Florida is known as the Sunshine State, and with an average of over 250 sunny days per year, it is easy to understand why! Our wonderful weather provides great opportunities for people to be active outdoors. It is important to remember while you may be enjoying our 150+ state parks, 100 miles of beaches and more than 1,500 miles of multi-use trails, you must protect yourself from the sun.
Skin cancer is the most common cancer in the US and is caused by overexposure to ultraviolet (UV) rays. According to the American Academy of Dermatology, approximately 9,500 people are diagnosed with skin cancer in the US every day. There are many ways to reduce your risk of skin cancer. DOH-Collier recommends the following tips to stay sun safe while enjoying our natural treasures:
- Seek shade when the sun is strongest. This is typically between the hours of 10am and 4pm.
- Wear a broad-spectrum sunscreen with at least SPF 15 on all parts of exposed skin before you go outside. Remember to reapply every two hours and after swimming or sweating.
- Wear a wide-brimmed hat that shades your face, ears, and back of neck. Avoid straw hats that can let the sun through.
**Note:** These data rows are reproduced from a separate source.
(* As formal power series in $y$, \[ \sum_{n\ge0}D_n(x)y^n=\frac{(1-xy+y)(1+x^2y^2)}{(1-xy)(1-xy^2)-xy^3}+(2x-1)y . \]
   Context: For $n\ge1$ let $\Xi_n$ be the poset on $\{x_1,\dots,x_n\}$ whose cover relations are exactly: $x_2\prec x_1$, $x_3\prec x_2$, and for $3\le i\le n-1$, $x_i\prec x_{i+1}$ if $i$ is odd and $x_{i+1}\prec x_i$ if $i$ is even (so $x_1>x_2>x_3<x_4>x_5<\cdots$). A filter of a poset is an up-closed subset. The matchable Lucas cube $\Omega_n$ is the graph whose vertices are the filters of $\Xi_n$, two filters adjacent iff one is obtained from the other by deleting a single element; $\Omega_0$ is the one-vertex graph. $d_{n,k}$ is the number of vertices of degree $k$ in $\Omega_n$ and $D_n(x)=\sum_{k\ge0}d_{n,k}x^k$ is the degree sequence polynomial. *)

From mathcomp Require Import all_boot all_order all_algebra.
Set Implicit Arguments. Unset Strict Implicit. Unset Printing Implicit Defensive.
Import GRing.Theory.
Local Open Scope ring_scope.

(* Element i : 'I_n stands for x_(i+1). *)
(* xi_cover n a b  <->  x_(a+1) is covered by x_(b+1)  (x_(a+1) < x_(b+1)) *)
Definition xi_cover (n : nat) : rel 'I_n := fun a b =>
  let i := (a : nat).+1 in let j := (b : nat).+1 in
  [|| (i == 2%N) && (j == 1%N),
      (i == 3%N) && (j == 2%N),
      [&& (3 <= i)%N, (i <= n.-1)%N, odd i & j == i.+1]
    | [&& (3 <= j)%N, (j <= n.-1)%N, ~~ odd j & i == j.+1]].

Definition xi_le (n : nat) : rel 'I_n := connect (@xi_cover n).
If you wear a baseball cap, keep in mind that your ears and back of neck are exposed so be sure to apply a broad-spectrum sunscreen with at least SPF 15 to protect these areas.
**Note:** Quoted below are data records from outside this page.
Definition in_S (F : fieldType) (V : vectType F) (c : V -> V -> F) (u : 'End(V)) : Prop :=
  forall x y : V, c x (u y) = c y (u x).

Definition nilpotent_end (F : fieldType) (V : vectType F) (u : 'End(V)) : Prop :=
  exists k : nat, forall x : V, iter k u x = 0.

Definition perfect_char2 (F : fieldType) : Prop :=
  (2%N \in [pchar F]) /\ forall x : F, exists y : F, y ^+ 2 = x.

From HB Require Import structures.
From mathcomp Require Import all_boot all_order all_algebra zify generic_quotient.
From Stdlib Require Import Classical.
Set Implicit Arguments. Unset Strict Implicit. Unset Printing Implicit Defensive.
Import GRing.Theory passmx.
Local Open Scope quotient_scope.
Local Open Scope ring_scope.

(* If F is perfect there is nothing to do.  Otherwise F is infinite, since the
   Frobenius map is injective and hence bijective on a finite field, and we
   take F' to be the perfect closure of F.  In a basis of V, b becomes a
   symmetric invertible Gram matrix B and a basis of W becomes linearly
   independent matrices U_i with B U_i^T = U_i B, all of whose linear
   combinations are nilpotent of exponent dim V.  Every condition but the last
   survives any field embedding; the last one is a polynomial identity in the
   coefficients of the combination, which holds on F^d and hence, F being
   infinite, on F'^d.  Reading the matrices back as a bilinear form and
   endomorphisms of F'^n gives the data sought. *)

(** * The perfect closure *)

Section PerfectClosure.
Variables (F : fieldType) (p : nat).
Hypothesis pcharFp : p \in [pchar F].
Implicit Types (x y : F) (a b : F * nat).

Definition frobn n (x : F) := x ^+ (p ^ n).

Lemma frobn_is_nmod_morphism n : nmod_morphism (frobn n).
Proof.
have pnat_pn : [pchar F].-nat (p ^ n)%N.
  rewrite pnatX (eq_pnat _ (pcharf_eq pcharFp)).
  by rewrite pnat_id ?(pcharf_prime pcharFp).
split=> [|x y]; rewrite /frobn.
  by rewrite expr0n expn_eq0 eqn0Ngt prime_gt0 ?(pcharf_prime pcharFp).
exact: exprDn_pchar.
Qed.
HB.instance Definition _ n :=
  GRing.isNmodMorphism.Build F F (frobn n) (frobn_is_nmod_morphism n).

Lemma frobn_is_monoid_morphism n : monoid_morphism (frobn n).
Proof. by split=> [|x y]; rewrite /frobn ?expr1n ?exprMn. Qed.
HB.instance Definition _ n :=
  GRing.isMonoidMorphism.Build F F (frobn n) (frobn_is_monoid_morphism n).

Lemma frobn_frobn m n x : frobn m (frobn n x) = frobn (n + m) x.
Proof. by rewrite /frobn -exprM expnD. Qed.

Lemma frobn_inj n : injective (frobn n).
Proof. exact: fmorph_inj. Qed.

(* The pair (x, n) stands for the p^n-th root of x; at_level N a is the
   p^N-th power of that root, an element of F as long as a.2 <= N. *)
Definition at_level N (a : F * nat) := frobn (N - a.2) a.1.

Definition pc_eq (a b : F * nat) := frobn b.2 a.1 == frobn a.2 b.1.

Lemma pc_eqE N a b :
  (a.2 + b.2 <= N)%N -> pc_eq a b = (at_level N a == at_level N b).
Proof.
move=> le_ab_N; rewrite /at_level.
have -> : (N - a.2 = b.2 + (N - a.2 - b.2))%N by lia.
have -> : (N - b.2 = a.2 + (N - a.2 - b.2))%N by lia.
by rewrite -!frobn_frobn (inj_eq (@frobn_inj _)).
Qed.

Lemma pc_eq_refl : reflexive pc_eq.
Proof. by move=> a; rewrite /pc_eq. Qed.

Lemma pc_eq_sym : symmetric pc_eq.
Proof. by move=> a b; rewrite /pc_eq eq_sym. Qed.

Lemma pc_eq_trans : transitive pc_eq.
Proof.
move=> b a c; set N := (a.2 + b.2 + c.2)%N.
by rewrite !(pc_eqE (N := N)) ?/N; [move=> /eqP -> | lia..].
Qed.

Canonical pc_eq_equiv := EquivRel pc_eq pc_eq_refl pc_eq_sym pc_eq_trans.
Definition perfect_closure := {eq_quot pc_eq}.
HB.instance Definition _ : EqQuotient _ pc_eq perfect_closure :=
  EqQuotient.on perfect_closure.
HB.instance Definition _ := Choice.on perfect_closure.
Local Notation pc := perfect_closure.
- Protect your eyes and the delicate skin around your eyes from sun exposure by wearing sunglasses. Wrap-around sunglasses are best as they block UV rays from sneaking in the sides.
- Wear light, long-sleeved shirts when possible. Keep in mind that normal T-shirts have a SPF rating lower than 15, and a wet T-shirt offers much less protection than a dry one, so wear other types of sun protection as well.
Protecting yourself from the sun is important year-round, especially in Florida. If you notice changes in your skin such as a new growth, changes in an old grown, or a sore that does not heal, contact your doctor. For more information about skin cancer and how you can reduce your risk, visit www.floridahealth.gov.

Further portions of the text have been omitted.